Objective
I would like to give a try to create something using Python rather than preparing in advance to know deeply about it.
Things I am doing are...
- obtaining historical data from Stock Market
- making data visualization (plot)
1: geting stock market data
There are several sources you can get historical daily price-volume stock market data from.
I use stooq(https://stooq.com/) this time.
(Yahoo is no longer being used since Pandas is no longer working with Yahoo Finance.)

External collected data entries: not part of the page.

(* Let $R_1,R_2$ be commutative rings with nonzero identity, $I_1$ an ideal of $R_1$, $I_2$ an ideal of $R_2$, $R=R_1\times R_2$ and $I=I_1\times I_2$. Let $x\in R_1\setminus I_1$ and $y\in R_2\setminus I_2$. Then for every $a\in I_1$ and $b\in I_2$, the vertex $(x,b)$ is adjacent to the vertex $(a,y)$ in $\Gamma''_I(R)$.
   Context: $R_1\times R_2$ has componentwise operations. For a commutative ring $S$ and an ideal $J$ of $S$, $\Gamma''_J(S)$ is the simple undirected graph whose vertex set is $\{x\in S\setminus J : xS+J\neq S\}$, with distinct vertices $x,y$ adjacent if and only if $x\notin yS+J$ and $y\notin xS+J$. *)

From mathcomp Require Import all_boot all_algebra.
Set Implicit Arguments. Unset Strict Implicit. Unset Printing Implicit Defensive.
Import GRing.Theory.
Local Open Scope ring_scope.

(* Subsets of a ring are Prop-valued predicates (rings may be infinite). *)

Definition is_ideal (S : comNzRingType) (J : S -> Prop) : Prop :=
  [/\ J 0,
      (forall a b, J a -> J b -> J (a - b)) &
      (forall r a, J a -> J (r * a))].

Definition in_xSJ (S : comNzRingType) (J : S -> Prop) (x z : S) : Prop :=
  exists s j, J j /\ z = x * s + j.

(* vertex set of Gamma''_J(S): x \notin J and xS + J <> S *)
Definition G2_vertex (S : comNzRingType) (J : S -> Prop) (x : S) : Prop :=
  ~ J x /\ ~ (forall z, in_xSJ J x z).

Definition G2_adj (S : comNzRingType) (J : S -> Prop) (x y : S) : Prop :=
  [/\ G2_vertex J x, G2_vertex J y, x <> y,
      ~ in_xSJ J y x & ~ in_xSJ J x y].

Definition prod_ideal (R1 R2 : comNzRingType) (I1 : R1 -> Prop) (I2 : R2 -> Prop)
  : (R1 * R2)%type -> Prop := fun p => I1 p.1 /\ I2 p.2.

From mathcomp Require Import all_boot all_algebra.
Local Open Scope ring_scope.
Import GRing.Theory.
Set Implicit Arguments.

(* Since a lies in I1, every element of (a, y)R + I has its first coordinate in
   I1, so (x, b) is not in it; symmetrically (a, y) is not in (x, b)R + I.  Two
   elements outside J, each outside the other's xS + J, are adjacent: each one
   shows that the other's xS + J is proper, and they differ since x is in xS + J. *)

Section IdealGraph.

Variables (S : comNzRingType) (J : S -> Prop).
Hypothesis idealJ : is_ideal J.

Lemma ideal_mulD r i j : J i -> J j -> J (r * i + j).
Proof.
case: idealJ => J0 JB JM Ji Jj.
by have := JB _ _ (JM r _ Ji) (JB _ _ J0 Jj); rewrite sub0r opprK.
Qed.

Lemma in_xSJ_ideal x z : J x -> in_xSJ J x z -> J z.
Proof. by move=> Jx [s [j [Jj ->]]]; rewrite mulrC; apply: ideal_mulD. Qed.

Lemma in_xSJ_refl x : in_xSJ J x x.
Proof. by case: idealJ => J0 _ _; exists 1, 0; rewrite mulr1 addr0. Qed.

Lemma G2_vertex_of_not_in_xSJ x z : ~ J x -> ~ in_xSJ J x z -> G2_vertex J x.
Proof. by move=> Jx xz; split=> // /(_ z). Qed.

Lemma G2_adj_of_not_in_xSJ x y :
  ~ J x -> ~ J y -> ~ in_xSJ J y x -> ~ in_xSJ J x y -> G2_adj J x y.
Proof.
move=> Jx Jy yx xy; split.
- exact: G2_vertex_of_not_in_xSJ xy.
- exact: G2_vertex_of_not_in_xSJ yx.
- by move=> exy; apply: xy; rewrite -exy; apply: in_xSJ_refl.
- exact: yx.
- exact: xy.
Qed.

End IdealGraph.

Section ProductIdeal.

Variables (R1 R2 : comNzRingType) (I1 : R1 -> Prop) (I2 : R2 -> Prop).

Lemma prod_ideal_is_ideal :
  is_ideal I1 -> is_ideal I2 -> is_ideal (prod_ideal I1 I2).
Proof.
case=> I10 I1B I1M [I20 I2B I2M]; split=> [//|a b [? ?] [? ?]|r a [? ?]].
  by split; [apply: I1B | apply: I2B].
by split; [apply: I1M | apply: I2M].
Qed.

Lemma in_xSJ_fst p z :
  in_xSJ (prod_ideal I1 I2) p z -> in_xSJ I1 p.1 z.1.
Proof. by case=> s [j [[Ij _] ->]]; exists s.1, j.1. Qed.

Lemma in_xSJ_snd p z :
  in_xSJ (prod_ideal I1 I2) p z -> in_xSJ I2 p.2 z.2.
Proof. by case=> s [j [[_ Ij] ->]]; exists s.2, j.2. Qed.

End ProductIdeal.

Theorem lemma2p6 (R1 R2 : comNzRingType) (I1 : R1 -> Prop) (I2 : R2 -> Prop)
  (hI1 : is_ideal I1) (hI2 : is_ideal I2)
  (x : R1) (y : R2) (hx : ~ I1 x) (hy : ~ I2 y) :
  forall (a : R1) (b : R2), I1 a -> I2 b ->
    G2_adj (S := (R1 * R2)%type) (prod_ideal I1 I2) (x, b) (a, y).
Proof.
move=> a b Ia Ib.
apply: G2_adj_of_not_in_xSJ.
- exact: prod_ideal_is_ideal.
- by case.
- by case.
- by move/in_xSJ_fst/(in_xSJ_ideal hI1 Ia).
- by move/in_xSJ_snd/(in_xSJ_ideal hI2 Ib).
Qed.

installing pandas_reader module via pip
!pip install pandas_datareader
from pandas_datareader import data
import pandas as pd
import matplotlib.pyplot as plt
%matplotlib inline
S&P500 is used in this prac.
The ticker is "SPX" and 'stooq' is used for the data.
start = '2006-03-15'
end = '2023-01-21'
df = data.DataReader('^SPX', 'stooq', start, end)
df.head(10)
Running the script above should return the following in your console.

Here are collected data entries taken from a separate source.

(* Let $(X,S)$ be an association scheme and fix $x\in X$. Then $\mathbb{Q}T(x)\cap \mathrm{M}_X(\mathbb{Z})=\mathbb{Z}T(x)$ (intersection taken inside $\mathrm{M}_X(\mathbb{Q})$) if and only if $\dim_{\mathbb{C}}\mathbb{C}T(x)=\dim_K KT(x)$ for every field $K$.
   Context: An association scheme $(X,S)$ consists of a finite set $X$ and a partition $S$ of $X\times X$ such that: (1) $1:=\{(x,x)\mid x\in X\}\in S$; (2) for $s\in S$, $s^*:=\{(y,x)\mid (x,y)\in s\}\in S$; (3) for $s,t,u\in S$ there is a nonnegative integer $p_{st}^u$ with $p_{st}^u=|xs\cap ty|$ whenever $(x,y)\in u$, where $xs=\{y\mid (x,y)\in s\}$ and $ty=\{z\mid (z,y)\in t\}$. For $s\subseteq X\times X$ the adjacency matrix $\sigma_s$ has $(y,z)$-entry $1$ if $(y,z)\in s$ and $0$ otherwise. Fix $x\in X$; for $s\in S$ let $E_s^*$ be the diagonal $0/1$ matrix indexed by $X$ whose $(y,y)$-entry is $1$ iff $y\in xs$. For a commutative ring $R$ with $1$, regard $\sigma_s,E_s^*$ as elements of $\mathrm{M}_X(R)$ (the ring of matrices over $R$ with rows and columns indexed by $X$); the Terwilliger algebra $RT(x)$ is the $R$-subalgebra of $\mathrm{M}_X(R)$ generated by $\{E_s^*\sigma_tE_u^*\mid s,t,u\in S\}$. In particular $\mathbb{Z}T(x)\subseteq \mathrm{M}_X(\mathbb{Z})$ and $\mathbb{Q}T(x)\subseteq\mathrm{M}_X(\mathbb{Q})$. *)

From HB Require Import structures.
From mathcomp Require Import all_boot all_order all_algebra.
From mathcomp Require Import reals Rstruct complex.
Set Implicit Arguments. Unset Strict Implicit. Unset Printing Implicit Defensive.
Import GRing.Theory Num.Theory.
Local Open Scope ring_scope.

Definition Ccomplex : fieldType := (Rdefinitions.R)[i].

Section Scheme.
Variable X : finType.

Definition diag_rel : {set X * X} := [set p | p.1 == p.2].
Definition transp_rel (s : {set X * X}) : {set X * X} := [set p | (p.2, p.1) \in s].

Definition is_assoc_scheme (S : {set {set X * X}}) : Prop :=
  [/\ partition S [set: X * X],
      diag_rel \in S,
      (forall s, s \in S -> transp_rel s \in S) &
      (forall s t u, s \in S -> t \in S -> u \in S ->
         exists p : nat, forall y z, (y, z) \in u ->
           #|[set w | ((y, w) \in s) && ((w, z) \in t)]| = p)].

(* Matrices indexed by X are represented as 'M_#|X|, row/column i
   corresponding to the element enum_val i of X. *)
Definition adjmx (R : pzRingType) (s : {set X * X}) : 'M[R]_#|X| :=
  \matrix_(i, j) (((enum_val i, enum_val j) \in s) : nat)%:R.

Definition Estar (R : pzRingType) (x : X) (s : {set X * X}) : 'M[R]_#|X| :=
  \matrix_(i, j) (((i == j) && ((x, enum_val i) \in s)) : nat)%:R.

End Scheme.

Inductive in_subalg (R : comNzRingType) (n : nat) (G : 'M[R]_n -> Prop)
  : 'M[R]_n -> Prop :=
| subalg_gen A : G A -> in_subalg G A
| subalg_one : in_subalg G 1%:M
| subalg_add A B : in_subalg G A -> in_subalg G B -> in_subalg G (A + B)
| subalg_scale (a : R) A : in_subalg G A -> in_subalg G (a *: A)
| subalg_mul A B : in_subalg G A -> in_subalg G B -> in_subalg G (A *m B).

Definition terw_gens (R : comNzRingType) (X : finType) (S : {set {set X * X}})
  (x : X) (A : 'M[R]_#|X|) : Prop :=
  exists s t u, [/\ s \in S, t \in S, u \in S &
                    A = Estar R x s *m adjmx R t *m Estar R x u].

Open High Low Close Volume
Date
2023-01-20 3909.04 3972.96 3897.86 3972.61 2.699404e+09
2023-01-19 3911.84 3922.94 3885.54 3898.85 2.550553e+09
2023-01-18 4002.25 4014.16 3926.59 3928.86 2.644401e+09
2023-01-17 3999.28 4015.39 3984.57 3990.97 2.561165e+09
2023-01-13 3960.60 4003.95 3947.67 3999.09 2.305645e+09
2023-01-12 3977.57 3997.76 3937.56 3983.17 2.468086e+09
2023-01-11 3932.35 3970.07 3928.54 3969.61 2.353913e+09
2023-01-10 3888.57 3919.83 3877.29 3919.25 2.140006e+09
2023-01-09 3910.82 3950.57 3890.42 3892.09 2.498159e+09
2023-01-06 3823.37 3906.19 3809.56 3895.08 2.462500e+09
In order to make visualize the table data above, you can use the matplotlib library and plot method as shown below.
date = df.index
price=df['Close']
plt.figure(figsize=(30, 10))
plt.plot(date,price,label='S&P500')
plt.title('S&P500',color='blue',backgroundcolor='white',size=40, loc='center')
plt.xlabel('date', color='black', size=30)

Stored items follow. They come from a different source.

Lemma fs_update_distr (d : nat) (p : nat -> R) (e e' alpha : R) (l : nat -> R) :
  (1 <= d)%nat -> 0 < alpha <= 1 -> pos_distr d (fs_update d p e e' alpha l).
Proof.
  intros Hd Ha. destruct (exp_update_distr d p e e' l Hd) as [Hv Hvsum].
  assert (HdR : 0 < INR d) by (apply lt_0_INR; lia).
  split.
  - intros j Hj. rewrite fs_update_mix.
    assert (0 < alpha / INR d) by (apply Rdiv_lt_0_compat; lra).
    pose proof (Hv j Hj). assert (0 <= (1 - alpha) * exp_update d p e e' l j) by nra. lra.
  - rewrite (rsum_ext _ (fun j => alpha / INR d + (1 - alpha) * exp_update d p e e' l j))
      by (intros; apply fs_update_mix).
    rewrite rsum_plus, rsum_const, rsum_scal, Hvsum. field. lra.
Qed.

Lemma logscore_const (d : nat) (q : nat -> R) (c : R) :
  rsum q d = 1 -> logscore d q (fun _ => c) = ln c.
Proof.
  intros Hq. unfold logscore.
  rewrite (rsum_ext _ (fun j => ln c * q j)) by (intros; ring).
  rewrite rsum_scal, Hq. ring.
Qed.

Lemma logscore_nonpos (d : nat) (q p : nat -> R) :
  in_simplex d q -> pos_distr d p -> logscore d q p <= 0.
Proof.
  intros [Hq _] Hp. unfold logscore.
  replace 0 with (rsum (fun _ => 0) d) by (rewrite rsum_const; ring).
  apply rsum_le. intros j Hj.
  assert (ln (p j) <= 0)
    by (rewrite <- ln_1; apply ln_le; [apply Hp | apply (pos_distr_le1 d)]; assumption).
  pose proof (Hq j Hj). nra.
Qed.

Lemma logscore_scale_le (d : nat) (q v p : nat -> R) (k : R) :
  in_simplex d q -> 0 < k ->
  (forall j, (j < d)%nat -> 0 < v j /\ k * v j <= p j) ->
  logscore d q v + ln k <= logscore d q p.
Proof.
  intros [Hq Hqsum] Hk Hvp. unfold logscore.
  replace (rsum (fun j => q j * ln (v j)) d + ln k)
    with (rsum (fun j => q j * (ln k + ln (v j))) d)
    by (rewrite (rsum_ext _ (fun j => ln k * q j + q j * ln (v j))) by (intros; ring);
        rewrite rsum_plus, rsum_scal, Hqsum; ring).
  apply rsum_le. intros j Hj. destruct (Hvp j Hj) as [Hv Hkv].
  apply Rmult_le_compat_l; [apply Hq; exact Hj|].
  rewrite <- ln_mult by assumption. apply ln_le; [apply Rmult_lt_0_compat|]; assumption.
Qed.

Lemma fs_update_logscore_ge_exp (d : nat) (q p : nat -> R) (e e' alpha : R) (l : nat -> R) :
  (1 <= d)%nat -> in_simplex d q -> 0 < alpha < 1 ->
  logscore d q (exp_update d p e e' l) + ln (1 - alpha)
  <= logscore d q (fs_update d p e e' alpha l).
Proof.
  intros Hd Hq Ha. apply logscore_scale_le; [assumption | lra |].
  intros j Hj. destruct (exp_update_distr d p e e' l Hd) as [Hv _].
  split; [apply Hv; exact Hj|]. rewrite fs_update_mix.
  assert (0 < alpha / INR d) by (apply Rdiv_lt_0_compat; [lra | apply lt_0_INR; lia]).
  lra.
Qed.

Lemma fs_update_logscore_ge_share (d : nat) (q p : nat -> R) (e e' alpha : R) (l : nat -> R) :
  (1 <= d)%nat -> in_simplex d q -> 0 < alpha <= 1 ->
  ln (alpha / INR d) <= logscore d q (fs_update d p e e' alpha l).
Proof.
  intros Hd Hq Ha. pose proof (proj2 Hq) as Hqsum.
  rewrite <- (Rplus_0_l (ln _)), <- ln_1, <- (logscore_const d q 1 Hqsum).
  apply logscore_scale_le; [assumption | apply Rdiv_lt_0_compat; [lra | apply lt_0_INR; lia] |].
  intros j Hj. split; [lra|]. rewrite fs_update_mix.
  destruct (exp_update_distr d p e e' l Hd) as [Hv _]. pose proof (Hv j Hj).
  assert (0 <= (1 - alpha) * exp_update d p e e' l j) by nra. lra.
Qed.

Lemma logscore_exp_update (d : nat) (q p l : nat -> R) (e e' : R) :
  (forall j, (j < d)%nat -> 0 < p j) -> rsum q d = 1 ->
  logscore d q (exp_update d p e e' l)
  = e / e' * logscore d q p - e * dot d q l
    - ln (rsum (fun i => Rpower (p i) (e / e') * exp (- e * l i)) d).
Proof.
  intros Hp Hqsum.
  set (Z := rsum (fun i => Rpower (p i) (e / e') * exp (- e * l i)) d).
  assert (HZ : 0 < Z)
    by (destruct d; [simpl in Hqsum; lra|];
        apply rsum_pos; [lia | intros; unfold Rpower; apply Rmult_lt_0_compat; apply exp_pos]).
  unfold logscore, dot.
  rewrite (rsum_ext _ (fun j => e / e' * (q j * ln (p j)) - e * (q j * l j) + (- ln Z) * q j)).
  - rewrite rsum_plus, rsum_minus, !rsum_scal, Hqsum. ring.
  - intros j Hj. unfold exp_update. fold Z.
    rewrite ln_div by (try unfold Rpower; try apply Rmult_lt_0_compat; try apply exp_pos; assumption).
    unfold Rpower. rewrite <- exp_plus, ln_exp. ring.
Qed.

Lemma round_regret (d : nat) (p q l : nat -> R) (e e' : R) :
  (1 <= d)%nat -> pos_distr d p -> (forall j, (j < d)%nat -> 0 <= l j <= 1) ->
  in_simplex d q -> 0 < e -> e <= e' ->
  dot d p l - dot d q l
  <= e' / 8 + (1 / e - 1 / e') * ln (INR d)
     + logscore d q (exp_update d p e e' l) / e - logscore d q p / e'.
Proof.
  intros Hd [Hp Hpsum] Hl Hq He Hee.
  set (a := e / e').
  assert (Ha : 0 <= a <= 1)
    by (unfold a; split; [apply Rdiv_le_0_compat | apply (Rdiv_le_1 e e')]; lra).
  set (x := fun j => p j * exp (- e' * l j)).
  assert (Hx : forall j, (j < d)%nat -> 0 < x j)
    by (intros; unfold x; apply Rmult_lt_0_compat; [auto | apply exp_pos]).
  set (Z := rsum (fun i => Rpower (p i) a * exp (- e * l i)) d).
  (* the new weights are the a-th powers of the Hoeffding weights x_j *)
  assert (HZ : Z = rsum (fun j => exp (a * ln (x j))) d).
  { apply rsum_ext. intros j Hj. unfold x, Rpower.
    rewrite <- exp_plus, ln_mult, ln_exp by (try apply exp_pos; auto).
    f_equal. unfold a. field. lra. }
  assert (Hhoeff : ln (rsum x d) <= - e' * dot d p l + e' * e' / 8)
    by (apply hoeffding_lemma; auto; [intros; left; auto | lra]).
  assert (Hpower : ln Z <= (1 - a) * ln (INR d) + a * ln (rsum x d))
    by (rewrite HZ; apply log_sum_power_le; auto).
  rewrite logscore_exp_update by (auto; apply Hq). fold a Z.
  assert (Hhoeff' : ln (rsum x d) / e' <= - dot d p l + e' / 8).
  { apply Rle_div_l; [lra|]. replace ((- dot d p l + e' / 8) * e')
      with (- e' * dot d p l + e' * e' / 8) by (field; lra). exact Hhoeff. }
  assert (Hpower' : ln Z / e <= (1 / e - 1 / e') * ln (INR d) + ln (rsum x d) / e').
  { apply Rle_div_l; [lra|].
    replace (((1 / e - 1 / e') * ln (INR d) + ln (rsum x d) / e') * e)
      with ((1 - a) * ln (INR d) + a * ln (rsum x d)) by (unfold a; field; lra).
    exact Hpower. }
  replace (e' / 8 + (1 / e - 1 / e') * ln (INR d)
           + (a * logscore d q p - e * dot d q l - ln Z) / e - logscore d q p / e')
    with (e' / 8 + (1 / e - 1 / e') * ln (INR d) - dot d q l - ln Z / e)
    by (unfold a; field; lra).
  lra.
Qed.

plt.ylabel('price', color='black', size=30)
plt.legend()
Let me improve the plot by adding 2 kinda moving averages (50&200days) and giving approproate labels.
#移動平均線を算出する
span01=50
span02=200
df['sma01'] = price.rolling(window=span01).mean()
df['sma02'] = price.rolling(window=span02).mean()
pd.set_option('display.max_rows', None)
df.head(100)
plt.figure(figsize=(30, 10))
plt.plot(date,price,label='S&P500')
plt.plot(date,df['sma01'],label='SMA(50)')
plt.plot(date,df['sma02'],label='SMA(200)')
plt.title('S&P500',color='blue',backgroundcolor='white',size=40, loc='center')
plt.xlabel('date', color='black', size=30)
plt.ylabel('price', color='black', size=30)
plt.legend()
a lot better but it seems something is missing...
That is ,,,, trading volume !!
Let's add that into the plot.
plt.figure(figsize=(30, 15))
plt.bar(date,df['Volume'],label='Volume',color='grey')
plt.legend()
In Matplotlib, we can draw multiple graphs in a single.
I use Subplot() function.
plt.figure(figsize=(30, 15))
plt.subplot(2,1,1)
plt.plot(date,price,label='S&P500')
plt.plot(date,df['sma01'],label='SMA(50)')
plt.plot(date,df['sma02'],label='SMA(200)')
plt.subplot(2,1,2)
plt.bar(date,df['Volume'],label='Volume',color='grey')
plt.legend()
I'm done for today.
I know this is just the beginning but I feel Python is much easier compared to Java that was my frist programming language.
p.s.
I wanted to create an another plot for an individual stock.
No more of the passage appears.